The crystal structures of β-genus MERS-CoV S1-CTD by itself and in complex with human DPP4 provided another view of coronavirus S1 and S1/receptor complex (Fig. 2B) (77, 78, 93). Like SARS-CoV S1-CTD, MERS-CoV S1-CTD also contains a core structure and an RBM. The core structures of MERS-CoV and SARS-CoV S1-CTDs are highly similar to each other, but their RBMs are markedly different, leading to different receptor specificities. The RBM of MERS-CoV S1-CTD mainly consists of a four-stranded β-sheet, in contrast to the loop-dominated RBM in SARS-CoV S1-CTD. Like the VBM for SARS-CoV on ACE2, the VBM for MERS-CoV is also located on the outer surface of DPP4, away from the peptidase active site. Whereas the conserved core structures of SARS-CoV and MERS-CoV S1-CTDs suggest a common evolutionary origin, the different RBMs of the two S1-CTDs indicate a divergent evolutionary pathway that has led to their recognition of different host receptors. The S1-CTDs of MERS-CoV and a highly related bat coronavirus HKU4 recognize DPP4 in very similar ways, suggesting a close evolutionary relationship between the two viruses (82, 94). In addition to enhancing the understanding of coronavirus evolution, the structure of MERS-CoV S1-CTD/DPP4 complex has important implications for understanding the host range and cross-species transmission of MERS-CoV (82, 94,–97).
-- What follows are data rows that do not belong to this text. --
Definition first_index : nat := xget 0%N is_least.

Lemma first_indexP m : P m -> is_least first_index.
Proof. by move=> /is_least_exists; apply: xgetPex. Qed.

Lemma first_index_eq i : is_least i -> first_index = i.
Proof. by move=> li; apply: (xget_unique _ li) => j /is_least_uniq; apply. Qed.

End Least.

Section InvSn.
Variable R : realType.

Definition invSn (k : nat) : R := k.+1%:R^-1.

Lemma invSn_gt0 k : 0 < invSn k.
Proof. by rewrite invr_gt0 ltr0n. Qed.

Lemma normr_invSn k : `|invSn k| = invSn k.
Proof. by rewrite ger0_norm // ltW // invSn_gt0. Qed.

Lemma ler_invSn k m : (invSn k <= invSn m) = (m <= k)%N.
Proof. by rewrite lef_pV2 ?posrE ?ltr0n // ler_nat ltnS. Qed.

Lemma ltr_invSn k m : (invSn k < invSn m) = (m < k)%N.
Proof. by rewrite ltf_pV2 ?posrE ?ltr0n // ltr_nat ltnS. Qed.

Lemma invSn_lt (eps : R) : 0 < eps -> exists m, invSn m < eps.
Proof.
move=> eps_gt0; exists (Num.truncn eps^-1).
rewrite -[ltRHS]invrK ltf_pV2 ?posrE ?ltr0n ?invr_gt0 //.
exact: truncnS_gt.
Qed.

Lemma Iconv_invSn (I : set (set nat)) (h : nat -> nat) : ideal I ->
  (forall M, I [set m | (h m <= M)%N]) -> Iconv I (fun m => invSn (h m)).
Proof.
move=> hI Ih eps /invSn_lt[M ltM]; apply: (ideal_sub hI (Ih M)) => m /=.
by rewrite normr_invSn => /(lt_le_trans ltM); rewrite ltr_invSn => /ltnW.
Qed.

(* [level r i]: [r] lies in [[1/(i+1), 1/i)], or in [[1, +oo)] when [i = 0]. *)
Definition level (r : R) : nat -> Prop := is_least (fun i => invSn i <= r).

Lemma level_exists r : 0 < r -> exists i, level r i.
Proof. by move=> /invSn_lt[m /ltW]; apply: is_least_exists. Qed.

Lemma level_invSn k : level (invSn k) k.
Proof. by split=> // j jk; rewrite ler_invSn leqNgt jk. Qed.

End InvSn.

Lemma finite_not_subP (A E : nat -> set nat) :
  finite_set [set n | ~ E n `<=` A n] <->
  exists k, forall n, (k <= n)%N -> E n `<=` A n.
Proof.
split=> [/finite_fsetP[X XE]|[k Ek]].
  exists (\max_(i <- finmap.enum_fset X) i).+1 => n; rewrite ltnNge => /negP nX.
  apply: contrapT => notEA; apply: nX.
  have : [set n | ~ E n `<=` A n] n by [].
  by rewrite XE => /= Xn; apply: leq_bigmax_seq.
apply: sub_finite_set (finite_II k) => n /= notEA; rewrite ltnNge.
by apply/negP => /Ek.
Qed.

Definition above (R : realType) (X : Type) (f : nat -> X -> R) (x : X)
  (k : nat) : set nat := [set n | invSn R k <= `|f n x|].

Definition level_set (R : realType) (X : Type) (f : nat -> X -> R) (x : X)
  (i : nat) : set nat := [set n | level `|f n x| i].

(* The [m] lying in some [E i] with [i] smaller than the index of the piece
   of [A] containing [m]. *)
Definition staircase (A E : nat -> set nat) : set nat :=
  \bigcup_n (A n.+1 `&` \bigcup_(i in [set i | (i <= n)%N]) E i).

Section Convergence.
Variables (R : realType) (I : set (set nat)) (X : Type) (f : nat -> X -> R).
Hypothesis hI : ideal I.

Lemma Isigmau_Ip : Isigmau I f -> Ip I f.
Proof.
move=> [Xk [cover Xk_u]] x eps eps_gt0.
have [k _ Xk_x] : (\bigcup_k Xk k) x by rewrite cover.
by apply: (ideal_sub hI (Xk_u k eps eps_gt0)) => n /= ?; exists x.
Qed.

Lemma Iqn_Ip : Iqn I f -> Ip I f.
Proof.
move=> [e [e_gt0 [e_conv e_dom]]] x eps eps_gt0.
apply: (ideal_sub hI (ideal_setU hI (e_conv eps eps_gt0) (e_dom x))).
move=> n /= le_f.
have [le_e|lt_e] := leP eps (e n); first by left; rewrite ger0_norm // ltW.
by right; apply: le_trans (ltW lt_e) le_f.
Qed.

(* [eps_m = 1/(h m + 1)], where [h m] is the first [j] such that [m <= j] or
   some [x] in [X_0, ..., X_j] has [|f_m x| >= 1/(j+2)]. *)
Lemma Isigmau_Iqn : Isigmau I f -> Iqn I f.
Proof.
move=> [Xk [cover Xk_u]].
pose B j := `I_j.+1 `|` \bigcup_(k in [set k | (k <= j)%N])
  [set m | exists2 x, Xk k x & invSn R j.+1 <= `|f m x|].
have IB j : I (B j).
  apply: (ideal_setU hI); first exact/(ideal_finite hI)/finite_II.
  by apply: (ideal_bigcup_le hI) => k _; exact: Xk_u (invSn_gt0 _ _).
pose h m := first_index (B^~ m).
have h_least m : is_least (B^~ m) (h m).
  by apply: (@first_indexP _ m); left; exact: ltnSn.
have h_le := ideal_index_le hI IB (fun m => (h_least m).1).
exists (fun m => invSn R (h m)); split; first by move=> m; exact: invSn_gt0.
split; first exact: Iconv_invSn hI h_le.
move=> x; have [k _ Xk_x] : (\bigcup_k Xk k) x by rewrite cover.
apply: (ideal_sub hI (h_le k)) => m /= le_f.
rewrite leqNgt; apply/negP => lt_kh.
have h_gt0 : (0 < h m)%N by apply: leq_ltn_trans lt_kh.
apply: (h_least m).2 (h m).-1 _ _; first by rewrite prednK.
right; exists k => /=; first by rewrite -ltnS prednK.
by exists x; rewrite // prednK.
Qed.

Lemma IsigmauP : Isigmau I f <->
  exists2 A, mon_seq I A &
    forall x, exists k, forall n, (k <= n)%N -> above f x n `<=` A n.
Proof.
split=> [[Xk [cover Xk_u]]|[A [IA _] A_dom]].
  pose A n := \bigcup_(k in [set k | (k <= n)%N])
    [set m | exists2 x, Xk k x & invSn R n <= `|f m x|].
  exists A.
    split=> [n|n m [k kn [x Xk_x le_f]]].
      by apply: (ideal_bigcup_le hI) => k _; exact: Xk_u (invSn_gt0 _ _).
    exists k; first exact: leqW.
    by exists x => //; apply: le_trans le_f; rewrite ler_invSn.
  move=> x; have [k _ Xk_x] : (\bigcup_k Xk k) x by rewrite cover.
  by exists k => n kn m le_f; exists k => //; exists x.
exists (fun k => [set x | forall n, (k <= n)%N -> above f x n `<=` A n]); split.
  by apply/seteqP; split=> // x _; have [k ?] := A_dom x; exists k.
move=> k eps /invSn_lt[m lt_m].
apply: (ideal_sub hI (IA (maxn m k))) => n [x x_dom le_f].
apply: (x_dom _ (leq_maxr m k)); rewrite /above /=.
apply: le_trans (le_trans (ltW lt_m) le_f).
by rewrite ler_invSn leq_maxl.
Qed.

(* One way, partition by the level of [eps_m]; the other way, take
   [eps_m = 1/a] for [m] in the piece [A a] (and [eps_m = 1] on [A 0]). *)
Lemma IqnP : Iqn I f <->
  exists2 A, part_seq I A & forall x, I (staircase A (level_set f x)).
Proof.
split=> [[e [e_gt0 [e_conv e_dom]]]|[A [[IA _] A_cover] A_small]].
  exists (fun n => [set m | level (e m) n]).
    split; first split.
    - move=> n; apply: (ideal_sub hI (e_conv _ (invSn_gt0 R n))).
      by move=> m [le_e _] /=; rewrite ger0_norm // ltW.
    - move=> i j ij; apply/seteqP; split=> // m [/= li lj].
      exact: ij (is_least_uniq li lj).
    - apply/seteqP; split=> // m _.
      by have [i ?] := level_exists (e_gt0 m); exists i.
  move=> x; apply: (ideal_sub hI (e_dom x)).
  move=> m [n _ [[_ /(_ n (ltnSn n)) /negP]]].
  rewrite -ltNge => lt_e [i /= i_n [le_f _]].
  by apply: ltW (lt_le_trans lt_e (le_trans _ le_f)); rewrite ler_invSn.
pose a m := first_index (A^~ m).
have a_mem m : A (a m) m.
  have [n _ Anm] : (\bigcup_n A n) m by rewrite A_cover.
  exact: (@first_indexP (A^~ m) n Anm).1.
exists (fun m => invSn R (a m).-1); split; first by move=> m; exact: invSn_gt0.
split.
  apply: (Iconv_invSn hI) => M.
  apply: (ideal_sub hI (ideal_index_le hI IA a_mem M.+1)).
  by move=> m /=; rewrite -ltnS; apply: leq_trans (leqSpred _).
move=> x; apply: (ideal_sub hI (ideal_setU hI (IA 0%N) (A_small x))) => m /=.
case am: (a m) => [|n] /= le_f; first by left; rewrite -am.
right; have [i li] := level_exists (lt_le_trans (invSn_gt0 R n) le_f).
exists n => //; split; first by rewrite -am.
by exists i => //; exact: is_least_le li le_f.
Qed.

Lemma bsigma_family_above : Ip I f -> ~ Isigmau I f ->
  bsigma_family I I (range (above f)).
Proof.
move=> f_p not_su; split=> [_ [x _ <-]|A A_mon].
  split=> [k|k n]; first exact: f_p (invSn_gt0 R k).
  by apply: le_trans; rewrite ler_invSn.
apply: contrapT => no_E; apply/not_su/IsigmauP; exists A => // x.
apply/finite_not_subP; apply: contrapT => inf.
by apply: no_E; exists (above f x) => //; exists x.
Qed.

Lemma bs_family_level_set : Ip I f -> ~ Iqn I f ->
  bs_family I I I (range (level_set f)).
Proof.
move=> f_p not_qn; split=> [_ [x _ <-]|A A_part].
  split=> [i|i j ij].
    by apply: (ideal_sub hI (f_p x _ (invSn_gt0 R i))) => n [].
  by apply/seteqP; split=> // n [/= li lj]; exact: ij (is_least_uniq li lj).
apply: contrapT => no_E; apply/not_qn/IqnP; exists A => // x.
by apply: contrapT => big; apply: no_E; exists (level_set f x) => //; exists x.
Qed.

Lemma addomega_family_of_Iqn : Iqn I f -> ~ Isigmau I f ->
  exists A : X -> set nat, addomega_family I I (range A).
Proof.
move=> [e [e_gt0 [e_conv e_dom]]] not_su.
exists (fun x => [set n | e n <= `|f n x|]); split=> [_ [x _ <-] // | B IB].
apply: contrapT => no_A; apply: not_su.
exists (fun k => [set x | [set n | e n <= `|f n x|] `<=` B k]); split.
  apply/seteqP; split=> // x _; apply: contrapT => no_k.
  apply: no_A; exists [set n | e n <= `|f n x|]; first by exists x.
  by move=> k sub; apply: no_k; exists k.
move=> k eps eps_gt0.
apply: (ideal_sub hI (ideal_setU hI (IB k) (e_conv eps eps_gt0))).
move=> n [x x_k le_f].
have [le_e|lt_e] := leP (e n) `|f n x|; first by left; exact: x_k.
right; rewrite /= ger0_norm ?(ltW (e_gt0 n)) //.
exact: ltW (le_lt_trans le_f lt_e).
Qed.

End Convergence.

Lemma sub_nondecreasing (E : nat -> set nat) k m :
  (forall n, E n `<=` E n.+1) -> (k <= m)%N -> E k `<=` E m.
Proof.
move=> Emon /subnK <-; elim: (m - k)%N => [|d IHd] //=.
by rewrite addSn; apply: subset_trans IHd (Emon _).
Qed.

Lemma disj_is_least (E : nat -> set nat) n i :
  (forall i j, i <> j -> E i `&` E j = set0) -> E i n -> is_least (E^~ n) i.
Proof.
move=> Edisj Ein; split=> // j ji Ejn.
have j_neq_i : j <> i by move=> jE; rewrite jE ltnn in ji.
by have : (E j `&` E i) n by []; rewrite Edisj.
Qed.

Section HitValue.
Variable R : realType.

Definition hit_value (E : nat -> set nat) (n : nat) : R :=
  if `[< exists k, E k n >] then invSn R (first_index (E^~ n)) else 0.

Lemma hit_value_least E n i : is_least (E^~ n) i -> hit_value E n = invSn R i.
Proof.
move=> li; rewrite /hit_value asboolT ?(first_index_eq li) //.
by exists i; exact: li.1.
Qed.

Lemma hit_value_ge E n m :
  invSn R m <= `|hit_value E n| -> exists2 i, (i <= m)%N & E i n.
Proof.
rewrite /hit_value; case: asboolP => [[k Ekn]|_]; last first.
  by rewrite normr0 leNgt invSn_gt0.
rewrite normr_invSn ler_invSn => le_m; exists (first_index (E^~ n)) => //.
exact: (@first_indexP (E^~ n) k Ekn).1.
Qed.

Lemma Iconv_hit_value (I : set (set nat)) E :
  ideal I -> (forall k, I (E k)) -> Iconv I (hit_value E).
Proof.
move=> hI IE eps /invSn_lt[m lt_m].
apply: (ideal_sub hI (ideal_bigcup_le hI (fun k _ => IE k) (n := m))).
move=> n /= le_e.
by have [i i_m Ein] := hit_value_ge (ltW (lt_le_trans lt_m le_e)); exists i.
Qed.

Lemma hit_value_above E k : (forall n, E n `<=` E n.+1) ->
  [set n | invSn R k <= `|hit_value E n|] = E k.
Proof.
move=> Emon; apply/seteqP; split=> n /=.
  by move=> /hit_value_ge[i ik]; apply: sub_nondecreasing Emon ik n.
move=> Ekn; have li := @first_indexP (E^~ n) k Ekn.
rewrite (hit_value_least li) normr_invSn ler_invSn; exact: is_least_le li Ekn.
Qed.

Lemma hit_value_level E i : (forall i j, i <> j -> E i `&` E j = set0) ->
  [set n | level `|hit_value E n| i] = E i.
Proof.
move=> Edisj; apply/seteqP; split=> n /=; last first.
  move=> Ein; rewrite (hit_value_least (disj_is_least Edisj Ein)) normr_invSn.
  exact: level_invSn.
move=> li; have [j _ Ejn] := hit_value_ge li.1.
move: li; rewrite (hit_value_least (disj_is_least Edisj Ejn)) normr_invSn => li.
by rewrite (is_least_uniq li (level_invSn R j)).
Qed.

End HitValue.

Lemma discrete_continuous (X : discreteTopologicalType) (Y : topologicalType)
  (h : X -> Y) : continuous h.
Proof. by apply/continuousP => A _; exact: discrete_open. Qed.

Lemma discrete_normal (X : discreteTopologicalType) : normal_sp X.
Proof.
split; first exact: discrete_hausdorff.
by move=> A B _ _ AB; exists A, B; split => //; exact: discrete_open.
Qed.

Definition hit_seq (R : realType) (F : set (nat -> set nat)) : nat -> F -> R :=
  fun n E => hit_value R (val E) n.
Arguments hit_seq : clear implicits.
α-Genus HCoV-NL63 S1-CTD complexed with human ACE2 was the first crystal structure determined for an α-coronavirus S1 domain (Fig. 2C) (79). This structure, along with the structure of β-genus SARS-CoV S1-CTD complexed with ACE2, provided the first view of how two different viruses recognize their common host receptor. The finding was intriguing. At first glance, HCoV-NL63 and SARS-CoV S1-CTDs are very different. The core structure of HCoV-NL63 S1-CTD is a β-sandwich consisting of two β-sheet layers stacked together through hydrophobic interactions, which is in contrast to the single β-sheet layer in the core structure of SARS-CoV S1-CTD. Their RBMs are also different. The RBMs of HCoV-NL63 S1-CTD are three short and discontinuous loops, whereas the RBM of SARS-CoV S1-CTD is a single long and continuous subdomain. Indeed, the protein-folding Dali server failed to detect any structural similarity between HCoV-NL63 and SARS-CoV S1-CTDs (98). However, structural topology analysis revealed that the secondary structural elements in HCoV-NL63 S1-CTD are connected in the same way as those in SARS-CoV S1-CTD, although two β-strands in the former (strands β-1 and β-4) become α-helices in the latter (helices α-1 and α-4) and another β-strand (strand β-1) in the former is missing altogether in the latter (Fig. 2E and andF)F) (29). These results suggest that HCoV-NL63 and SARS-CoV S1-CTDs share an evolutionary origin and that the structural differences between the two S1-CTDs result from extensive divergent evolution.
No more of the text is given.